* _The problem_
In the records below, count each line where the word "negbTE" appears, and reply with that number only.

---

Lemma semigroup_exp A m : Aset A -> (0 < m)%N -> semigroup Aset (A ^+ m).
Proof.
move=> AA; elim: m => [// | [|m] IHm _]; first by rewrite expr1; constructor.
by rewrite exprSr; apply: sg_mul; [apply: IHm | constructor].
Qed.

Lemma semigroup_scaled S : semigroup Aset S -> scaled_semigroup Aset S.
Proof. by exists 1, S; rewrite scale1r oner_neq0. Qed.

Lemma scaled_semigroup_mul M N : scaled_semigroup Aset M -> scaled_semigroup Aset N ->
  scaled_semigroup Aset (M *m N).
Proof.
move=> [c [S [c0 SS ->]]] [d [T [d0 ST ->]]]; exists (c * d), (S *m T).
by rewrite mulf_neq0 // -scalemxAl -scalemxAr scalerA; split=> //; apply: sg_mul.
Qed.

Lemma Fset_scaled F : Fset Aset F -> scaled_semigroup Aset F.
Proof.
elim=> [_ [A [AA _] ->] | M N _ SM _ SN]; last exact: scaled_semigroup_mul.
exists (Num.sqrt `|\det A|)^-1, A; split => //; last exact: sg_gen.
by rewrite invr_neq0 // gt_eqF // sqrtr_gt0 normr_gt0 GL.
Qed.

Lemma scaled_semigroup_det M : scaled_semigroup Aset M -> \det M != 0.
Proof.
by move=> [c [S [c0 SS ->]]]; rewrite detZ mulf_neq0 ?expf_neq0 ?semigroup_det_neq0.
Qed.

Lemma scaled_semigroup_invariant M : scaled_semigroup Aset M -> forall v, C v -> C (M *m v).
Proof.
move=> [c [S [c0 SS ->]]] v Cv; rewrite -scalemxAl.
exact/(multicone_scale mcC c0)/semigroup_invariant.
Qed.

Lemma scaled_semigroup_interior M : scaled_semigroup Aset M ->
  forall v, pinterior C v -> pinterior C (M *m v).
Proof.
move=> SM; apply: pinterior_mulmx.
  exact: scaled_semigroup_det.
exact: scaled_semigroup_invariant.
Qed.

Lemma scaled_semigroup_prod (G : nat -> mat R) i j :
  (forall l, scaled_semigroup Aset (G l)) -> (i < j)%N ->
  scaled_semigroup Aset (\prod_(i <= l < j) G l).
Proof.
move=> SG; elim: j => // j IHj; rewrite ltnS leq_eqVlt => /predU1P [<- | ij].
  by rewrite big_nat1.
by rewrite big_nat_recr 1?ltnW //= -mulmxE; apply/scaled_semigroup_mul/SG/IHj.
Qed.

End ScaledSemigroup.

Section Eigen2.
Variable R : realType.
Implicit Types (S N : mat R) (p q v w : vec R) (l m : R).

Lemma eigenvalue_root2 S p l : p != 0 -> S *m p = l *: p ->
  l ^+ 2 - \tr S * l + \det S = 0.
Proof.
move=> p0 Sp; have := congr1 (mulmx^~ p) (cayley_hamilton2 S).
rewrite /= -mulmxA Sp -scalemxAr Sp scalerA mulmxBl -scalemxAl Sp scalerA mul_scalar_mx.
move=> CHp; have : (l ^+ 2 - \tr S * l + \det S) *: p = 0.
  by rewrite scalerDl scalerBl expr2 CHp addrAC subrK subrr.
by move/eqP; rewrite scaler_eq0 (negbTE p0) orbF => /eqP.
Qed.

Lemma col_neq0_mx2 N : N != 0 -> exists j, col j N != 0.
Proof.
move=> N0; case: (eqVneq (col 0 N) 0) => [c0 | ]; last by exists 0.
exists 1; apply: contraNneq N0 => c1; apply/eqP/matrixP => i j.
by case: (ord2P j) => ->; [move: c0 | move: c1] => /(congr1 (fun M : vec R => M i 0));
  rewrite !mxE.
Qed.
(* Let $\lambda_{\min}$ be the smallest nonzero eigenvalue of $L$. Then $N-m_V=M-m_H$, and $$\lambda_{\min}\le\frac{N}{N-m_V}=\frac{N}{M-m_H}\le\lambda_N.$$ Moreover, either of the two inequalities is an equality if and only if $\lambda_{\min}=\lambda_N$.
   Context: Let $\Gamma=(V,H,\mathcal C)$ be a hypergraph with real coefficients: $V=\{v_1,\dots,v_N\}$ is a finite set of vertices, $H=(h_1,\dots,h_M)$ is a finite family of subsets $h_j\subseteq V$ called hyperedges (repetitions allowed; hyperedges are distinguished by their index), and $\mathcal C=\{C_{v,h}\in\mathbb R\}$ is a family of real coefficients with $C_{v,h}=0$ if and only if $v\notin h$. Standing assumptions: every vertex lies in at least one hyperedge, and $\Gamma$ is connected. The degree of $v$ is $\deg v=\sum_{h\in H}C_{v,h}^2>0$. The vertex normalized Laplacian is $Lf(v)=\frac{1}{\deg v}\sum_{h\in H}C_{v,h}\sum_{w\in V}C_{w,h}f(w)$ for $f:V\to\mathbb R$; its eigenvalues (real and non-negative) are $\lambda_1\le\dots\le\lambda_N$. The hyperedge normalized Laplacian is $L^H\gamma(h)=\sum_{v\in V}\frac{C_{v,h}}{\deg v}\sum_{h'\in H}C_{v,h'}\gamma(h')$ for $\gamma:H\to\mathbb R$. Here $m_V$ and $m_H$ are the multiplicities of the eigenvalue $0$ of $L$ and of $L^H$ respectively. *)

From mathcomp Require Import all_boot all_order all_algebra.
Set Implicit Arguments. Unset Strict Implicit. Unset Printing Implicit Defensive.
Import Order.TTheory GRing.Theory Num.Theory.
Local Open Scope ring_scope.

(* A hypergraph with real coefficients on vertex set 'I_N and hyperedge
   family 'I_M is encoded by its coefficient matrix C : 'M_(N, M),
   C v h = C_{v,h}; the hyperedge h is the set {v | C v h != 0}. *)
Section Hyper.
Variables (R : realFieldType) (N M : nat).
Variable C : 'M[R]_(N, M).

Definition hdeg (v : 'I_N) : R := \sum_(h < M) C v h ^+ 2.

Definition every_vertex_covered : Prop := forall v : 'I_N, exists h : 'I_M, C v h != 0.

Definition hadj : rel 'I_N := fun u w => [exists h : 'I_M, (C u h != 0) && (C w h != 0)].

Definition hconnected : Prop := forall u w : 'I_N, connect hadj u w.

Definition vLap : 'M[R]_N :=
  \matrix_(v, w) ((hdeg v)^-1 * \sum_(h < M) C v h * C w h).

Definition hLap : 'M[R]_M :=
  \matrix_(h, h') (\sum_(v < N) C v h / hdeg v * C v h').

Definition mV : nat := mup 0 (char_poly vLap).
Definition mH : nat := mup 0 (char_poly hLap).
End Hyper.

From mathcomp Require Import all_boot all_order all_algebra.
From mathcomp Require Import zify.
Set Implicit Arguments. Unset Strict Implicit. Unset Printing Implicit Defensive.
Import Order.TTheory GRing.Theory Num.Theory.
Local Open Scope ring_scope.

(* Writing D for the diagonal degree matrix, the vertex Laplacian factors as
   L = (D^-1 C) C^T and the hyperedge Laplacian as L^H = C^T (D^-1 C).  For
   any rectangular A (n x m) and B (m x n) one has the Sylvester identity
   X^m chi_(AB) = X^n chi_(BA); comparing the multiplicity of the root 0
   gives N - m_V = M - m_H, i.e. both Laplacians have the same number of
   nonzero eigenvalues (counted with multiplicity).
   Moreover tr L = sum_v deg v / deg v = N, so the N - m_V nonzero
   eigenvalues have mean N / (N - m_V).  A mean lies between the smallest
   and the largest entry, with equality on either side exactly when all
   entries coincide; this gives the inequalities and their equality cases. *)

Section Sylvester.
Variable F : fieldType.

(* Sylvester's determinant identity for characteristic polynomials: the
   block matrix P = [X a; b 1] is reduced to a block-triangular matrix in
   two ways, by left multiplication with [1 -a; 0 X] and with [1 0; -b X]. *)
Lemma char_poly_mulmxC n m (A : 'M[F]_(n, m)) (B : 'M[F]_(m, n)) :
  'X^m * char_poly (A *m B) = 'X^n * char_poly (B *m A).
Proof.
pose a := map_mx polyC A; pose b := map_mx polyC B.
pose P := block_mx ('X%:M) a b (1%:M : 'M[{poly F}]_m).
have detL : \det (block_mx 1%:M (-a) 0 ('X%:M) *m P) = 'X^m * char_poly (A *m B).
  rewrite mulmx_block !mul1mx !mul0mx !add0r mulNmx mulmx1 addrN.
  by rewrite det_lblock mulmx1 det_scalar mulrC /char_poly /char_poly_mx map_mxM.
have detU : \det (block_mx 1%:M 0 (-b) ('X%:M) *m P) = 'X^n * char_poly (B *m A).
  rewrite mulmx_block !mul1mx !mul0mx !addr0 mulNmx mulmx1 scalar_mxC addNr.
  by rewrite det_ublock det_scalar /char_poly /char_poly_mx map_mxM addrC mulNmx.
by rewrite -detL -detU !det_mulmx det_ublock det_lblock !det_scalar.
Qed.

Lemma mup0_char_poly_mulmxC n m (A : 'M[F]_(n, m)) (B : 'M[F]_(m, n)) :
  (m + mup 0 (char_poly (A *m B)) = n + mup 0 (char_poly (B *m A)))%N.
Proof.
have := congr1 (mup 0) (char_poly_mulmxC A B).
rewrite !mupM ?expf_neq0 ?polyX_eq0 ?monic_neq0 ?char_poly_monic //.
have X_sub0 : 'X = 'X - 0%:P :> {poly F} by rewrite subr0.
by rewrite X_sub0 !mup_XsubCX eqxx.
Qed.

End Sylvester.

Lemma sorted_le_last (d : Order.disp_t) (T : porderType d) (x0 : T) (s : seq T) :
  sorted <=%O s -> {in s, forall x, (x <= last x0 s)%O}.
Proof.
case/lastP: s => [//| s y]; rewrite last_rcons sorted_pairwise; last exact: le_trans.
rewrite pairwise_rcons => /andP [/allP le_y _] x.
by rewrite mem_rcons inE => /orP [/eqP -> | /le_y].
Qed.

Lemma sum_skip_zeros (V : nmodType) (s : seq V) : \sum_(x <- s | x != 0) x = \sum_(x <- s) x.
Proof. by rewrite [RHS](bigID (fun x => x != 0)) /= [X in _ = _ + X]big1 ?addr0 // => x /negPn /eqP. Qed.

Section Mean.
Variable R : realFieldType.
Implicit Types (s : seq R) (c lo hi : R).

Definition mean s : R := (\sum_(x <- s) x) / (size s)%:R.

Lemma sum_sub_mean s c : s != [::] ->
  \sum_(x <- s) (x - c) = (mean s - c) * (size s)%:R.
Proof.
move=> s_nil; have size_gt0 : (size s)%:R != 0 :> R.
  by rewrite pnatr_eq0 size_eq0.
rewrite big_split /= sumrN big_const_seq iter_addr_0 count_predT.
by rewrite /mean mulrBl divfK // mulr_natr.
Qed.

Lemma mean_opp s : mean (map -%R s) = - mean s.
Proof. by rewrite /mean big_map sumrN size_map mulNr. Qed.

Lemma mean_ge s lo : s != [::] -> {in s, forall x, lo <= x} -> lo <= mean s.
Proof.
move=> s_nil lo_le; rewrite -subr_ge0 -(pmulr_lge0 _ (_ : 0 < (size s)%:R)).
  by rewrite -sum_sub_mean // big_seq sumr_ge0 // => x /lo_le; rewrite subr_ge0.
by rewrite ltr0n lt0n size_eq0.
Qed.

Lemma mean_eq_lb s lo : {in s, forall x, lo <= x} -> mean s = lo ->
  {in s, forall x, x = lo}.
Proof.
have [-> //| s_nil] := eqVneq s [::]; move=> lo_le mean_lo.
have : \sum_(x <- s) (x - lo) == 0 by rewrite sum_sub_mean // mean_lo subrr mul0r.
rewrite big_seq_cond psumr_eq0 => [/allP all0 x xs|x /andP [/lo_le]].
  by apply/eqP; rewrite -subr_eq0; have := all0 x xs; rewrite xs.
by rewrite subr_ge0.
Qed.

Lemma mean_le s hi : s != [::] -> {in s, forall x, x <= hi} -> mean s <= hi.
Proof.
move=> s_nil le_hi; rewrite -lerN2 -mean_opp mean_ge //.
  by rewrite -size_eq0 size_map size_eq0.
by move=> _ /mapP [x xs ->]; rewrite lerN2 le_hi.
Qed.

Lemma mean_eq_ub s hi : {in s, forall x, x <= hi} -> mean s = hi ->
  {in s, forall x, x = hi}.
Proof.
move=> le_hi mean_hi x xs; apply: oppr_inj.
apply: (@mean_eq_lb (map -%R s)); last exact: map_f.
  by move=> _ /mapP [y ys ->]; rewrite lerN2 le_hi.
by rewrite mean_opp mean_hi.
Qed.

Lemma mean_between s lo hi : lo \in s -> hi \in s ->
  {in s, forall x, lo <= x <= hi} ->
  [/\ lo <= mean s, mean s <= hi,
      lo = mean s <-> lo = hi & mean s = hi <-> lo = hi].
Proof.
move=> lo_s hi_s bounds.
have s_nil : s != [::] by apply: contraTneq lo_s => ->.
have lo_le : {in s, forall x, lo <= x} by move=> x /bounds /andP [].
have le_hi : {in s, forall x, x <= hi} by move=> x /bounds /andP [].
have lo_mean := mean_ge s_nil lo_le; have mean_hi := mean_le s_nil le_hi.
split=> //; split=> [mean_lo | lo_hi].
- by rewrite [RHS](mean_eq_lb lo_le).
- by apply/le_anti; rewrite lo_mean lo_hi mean_hi.
- by rewrite [LHS](mean_eq_ub le_hi).
- by apply/le_anti; rewrite mean_hi -lo_hi lo_mean.
Qed.

End Mean.

Section SplitCharPoly.
Variables (R : fieldType) (n : nat) (A : 'M[R]_n) (s : seq R).
Hypothesis char_split : char_poly A = \prod_(x <- s) ('X - x%:P).

Lemma size_split_char_poly : size s = n.
Proof. by apply: succn_inj; rewrite -(size_prod_XsubC s id) -char_split size_char_poly. Qed.

Lemma sum_split_char_poly : (0 < n)%N -> \sum_(x <- s) x = \tr A.
Proof.
move=> n_gt0; apply: oppr_inj; rewrite -char_poly_trace // char_split.
by rewrite -size_split_char_poly coefPn_prod_XsubC // size_split_char_poly -lt0n.
Qed.

Lemma mup0_split_char_poly : mup 0 (char_poly A) = count_mem 0 s.
Proof. by rewrite char_split mu_prod_XsubC. Qed.

End SplitCharPoly.

Section Laplacians.
Variables (R : realFieldType) (N M : nat) (C : 'M[R]_(N, M)).

Definition normC : 'M[R]_(N, M) := \matrix_(v, h) ((hdeg C v)^-1 * C v h).

Lemma vLap_factor : vLap C = normC *m C^T.
Proof.
apply/matrixP => v w; rewrite !mxE mulr_sumr.
by apply: eq_bigr => h _; rewrite !mxE mulrA.
Qed.

Lemma hLap_factor : hLap C = C^T *m normC.
Proof. by apply/matrixP => h h'; rewrite !mxE; apply: eq_bigr => v _; rewrite !mxE mulrA. Qed.

Lemma count_nonzero_eigenvalues : (N - mV C = M - mH C)%N.
Proof.
have := mup0_char_poly_mulmxC normC C^T.
rewrite -vLap_factor -hLap_factor -/(mV C) -/(mH C); lia.
Qed.

Hypothesis covered : every_vertex_covered C.

Lemma hdeg_neq0 v : hdeg C v != 0.
Proof.
have [h Cvh] := covered v; apply: contra Cvh => /eqP deg0.
rewrite -sqrf_eq0; apply/eqP.
exact: (psumr_eq0P (fun h _ => sqr_ge0 (C v h)) deg0).
Qed.

(* Each diagonal entry of L is deg v / deg v = 1, so tr L = N. *)
Lemma mxtrace_vLap : \tr (vLap C) = N%:R.
Proof.
rewrite /mxtrace (eq_bigr (fun=> 1)) ?sumr_const ?card_ord // => v _.
rewrite mxE (eq_bigr (fun h => C v h ^+ 2)) => [|h _]; last by rewrite expr2.
exact: mulVf (hdeg_neq0 v).
Qed.

End Laplacians.

Theorem mainTheorem10 (R : realFieldType) (N M : nat) (C : 'M[R]_(N, M))
  (HN : (0 < N)%N)
  (Hcov : every_vertex_covered C)
  (Hconn : hconnected C)
  (lam : seq R)
  (Hsize : size lam = N)
  (Hsorted : sorted <=%R lam)
  (Heig : char_poly (vLap C) = \prod_(x <- lam) ('X - x%:P))
  (lmin : R)
  (Hlmin_in : lmin \in lam) (Hlmin_nz : lmin != 0)
  (Hlmin_le : forall x, x \in lam -> x != 0 -> lmin <= x) :
  let lamN := last 0 lam in
  let rV : R := N%:R / (N - mV C)%:R in
  let rH : R := N%:R / (M - mH C)%:R in
  (N - mV C = M - mH C)%N /\
  lmin <= rV /\
  rV = rH /\
  rH <= lamN /\
  (lmin = rV <-> lmin = lamN) /\
  (rH = lamN <-> lmin = lamN).
Proof.
move=> lamN rV rH; rewrite /rH -count_nonzero_eigenvalues -/rV.
pose s := [seq x <- lam | x != 0].
have size_s : size s = (N - mV C)%N.
  rewrite size_filter /mV (mup0_split_char_poly Heig) -Hsize.
  by rewrite -(count_predC (pred1 0)) addKn.
have sum_s : \sum_(x <- s) x = N%:R.
  by rewrite big_filter sum_skip_zeros (sum_split_char_poly Heig HN) mxtrace_vLap.
have mean_s : mean s = rV by rewrite /mean sum_s size_s.
have lmin_s : lmin \in s by rewrite mem_filter Hlmin_nz.
have bounds : {in s, forall x, lmin <= x <= lamN}.
  move=> x; rewrite mem_filter => /andP [x_nz x_lam].
  by rewrite Hlmin_le // (sorted_le_last 0 Hsorted).
(* lamN is nonzero since it bounds the positive mean rV from above. *)
have lamN_s : lamN \in s.
  have s_nil : s != [::] by apply: contraTneq lmin_s => ->.
  have rV_gt0 : 0 < rV by rewrite -mean_s /mean sum_s divr_gt0 ?ltr0n // lt0n size_eq0.
  have rV_le : rV <= lamN by rewrite -mean_s mean_le // => x /bounds /andP [].
  have lamN_nz : lamN != 0 by rewrite gt_eqF ?(lt_le_trans rV_gt0).
  have := mem_last 0 lam; rewrite -/lamN inE (negbTE lamN_nz) /= => lamN_lam.
  by rewrite mem_filter lamN_nz.
have [lmin_le le_lamN eq_lo eq_hi] := mean_between lmin_s lamN_s bounds.
by rewrite -mean_s.
Qed.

---

* _Exercise output_
2